The data warehouse front-end management bottom-level storage allows users to start analysis workloads in the back-end through the analysis service interface; and re-analyze and plan in PostgreSQL.
The decoupled elastic data warehouse architecture according to claim 1, wherein the back end of the data warehouse is a computer cluster managed by a software stack, and the data warehouse layer is designated for different functions, including resource allocation, task scheduling, and query combination.

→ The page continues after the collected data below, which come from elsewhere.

(* For any metric space $(X,d)$, any $x_0\in X$ and $n\geq 1$, the function $\rho:\pi_n(X,x_0)\times\pi_n(X,x_0)\to[0,\infty)$ is a pseudometric on $\pi_n(X,x_0)$.
   Context: $\Omega^n(X,x_0)$ is the set of continuous maps $\alpha:[0,1]^n\to X$ with $\alpha(\partial[0,1]^n)=\{x_0\}$, with uniform metric $\mu(\alpha,\beta)=\sup_{t\in[0,1]^n}d(\alpha(t),\beta(t))$. For $a,b\in\pi_n(X,x_0)$, $\rho(a,b)=\inf\{\mu(\alpha,\beta)\mid\alpha\in a,\beta\in b\}$. *)

From Stdlib Require Import Reals.
From Coquelicot Require Import Coquelicot.
Open Scope R_scope.

Definition is_metric {X : Type} (d : X -> X -> R) : Prop :=
  (forall x y, 0 <= d x y) /\
  (forall x y, d x y = 0 <-> x = y) /\
  (forall x y, d x y = d y x) /\
  (forall x y z, d x z <= d x y + d y z).

(* Points of R^n are represented as t : nat -> R with t i = 0 for i >= n;
   cube n t  <->  t is a point of [0,1]^n. *)
Definition cube (n : nat) (t : nat -> R) : Prop :=
  (forall i, (i < n)%nat -> 0 <= t i <= 1) /\ (forall i, (n <= i)%nat -> t i = 0).

Definition cube_bd (n : nat) (t : nat -> R) : Prop :=
  cube n t /\ exists i, (i < n)%nat /\ (t i = 0 \/ t i = 1).

Definition cont_on_cube {X : Type} (d : X -> X -> R) (n : nat)
  (alpha : (nat -> R) -> X) : Prop :=
  forall t, cube n t -> forall eps, 0 < eps -> exists delta, 0 < delta /\
    forall s, cube n s -> (forall i, (i < n)%nat -> Rabs (s i - t i) < delta) ->
      d (alpha s) (alpha t) < eps.

Definition Omega {X : Type} (d : X -> X -> R) (x0 : X) (n : nat)
  (alpha : (nat -> R) -> X) : Prop :=
  cont_on_cube d n alpha /\ forall t, cube_bd n t -> alpha t = x0.

Definition homotopic {X : Type} (d : X -> X -> R) (x0 : X) (n : nat)
  (alpha beta : (nat -> R) -> X) : Prop :=
  exists H : R -> (nat -> R) -> X,
    (forall s t, 0 <= s <= 1 -> cube n t -> forall eps, 0 < eps ->
       exists delta, 0 < delta /\ forall s' t', 0 <= s' <= 1 -> cube n t' ->
         Rabs (s' - s) < delta -> (forall i, (i < n)%nat -> Rabs (t' i - t i) < delta) ->
         d (H s' t') (H s t) < eps) /\
    (forall t, cube n t -> H 0 t = alpha t) /\
    (forall t, cube n t -> H 1 t = beta t) /\
    (forall s t, 0 <= s <= 1 -> cube_bd n t -> H s t = x0).

Definition is_htpy_class {X : Type} (d : X -> X -> R) (x0 : X) (n : nat)
  (A : ((nat -> R) -> X) -> Prop) : Prop :=
  exists alpha, Omega d x0 n alpha /\
    A = (fun beta => Omega d x0 n beta /\ homotopic d x0 n alpha beta).

Definition pi_n {X : Type} (d : X -> X -> R) (x0 : X) (n : nat) : Type :=
  { A : ((nat -> R) -> X) -> Prop | is_htpy_class d x0 n A }.

Definition mu {X : Type} (d : X -> X -> R) (n : nat) (alpha beta : (nat -> R) -> X) : Rbar :=
  Lub_Rbar (fun r => exists t, cube n t /\ r = d (alpha t) (beta t)).

Definition rho {X : Type} (d : X -> X -> R) (x0 : X) (n : nat) (a b : pi_n d x0 n) : Rbar :=
  Rbar_glb (fun m => exists alpha beta,
    proj1_sig a alpha /\ proj1_sig b beta /\ m = mu d n alpha beta).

The decoupled elastic data warehouse architecture according to claim 1, wherein for a single query in the back end of the data warehouse, the execution efficiency is jointly determined by the query optimizer and the execution framework; for multiple queries running concurrently, the overall Execution efficiency also involves the task scheduler.
The decoupled elastic data warehouse architecture according to claim 3, wherein the back end of the data warehouse uses Spark SQL as the underlying query engine, the back end of the data warehouse is a specific server cluster, and there is only one corresponding Spark installation managed by YARN. Multiple sessions connected to the same backend are maintained independently; separate Spark sessions are served by different Spark jobs.
The decoupled elastic data warehouse architecture according to claim 7, wherein the data warehouse has multiple Spark clusters as backends; Spark clusters have different sizes and configurations; in a Spark cluster, any session can specify itself Resource requirements;

In the back-end resource management of the data warehouse, all back-end information is recorded in a shared directory, which is stored on the PostgreSQL master server and can be referenced by all Dex Contexts; it can be added, deleted or selected according to the request of privileged users. end;

The back-end of the data warehouse includes a back-end session manager. The back-end session manager shares common information with the home directory, which maintains a superset of all active sessions; each session on the back-end session manager only stores session-specific elements Data; the metadata includes important facts about the front end of the data warehouse, the back end of the data warehouse, and the network connection; the metadata is used for request processing. Once the front-end request is received and parsed, a request data structure of type ReqStruct will be generated. When looking for session metadata to identify the input and function appearing in the request; the communication between the front end of the data warehouse and the back end of the data warehouse is implemented using ZeroMQ of the high-speed asynchronous network I/O library.
The decoupled elastic data warehouse architecture according to claim 8, wherein the Spark adapter is responsible for processing the request from the Dex middleware; when a front-end request is received, the request is converted into a Spark command, including the released SQL Queries or Spark functions, as well as pro-logue and epilogue commands that define auxiliary RDDs; Duo SQL supports two types of analysis requests: one is SQL query, and the other is UDF call; each Dex request has a right in its header Its type is encoded.
The decoupled elastic data warehouse architecture according to claim 9, characterized in that in Spark SQL, JdbcRDD is used to import data from a remote database standard API; JdbcRDD allows parallel connection to multiple partitions of a single table, enhancing the The shard database is supported by JBDCRDD of a shard; using DuoRDD, Spark executors are loaded from multiple shard nodes in parallel.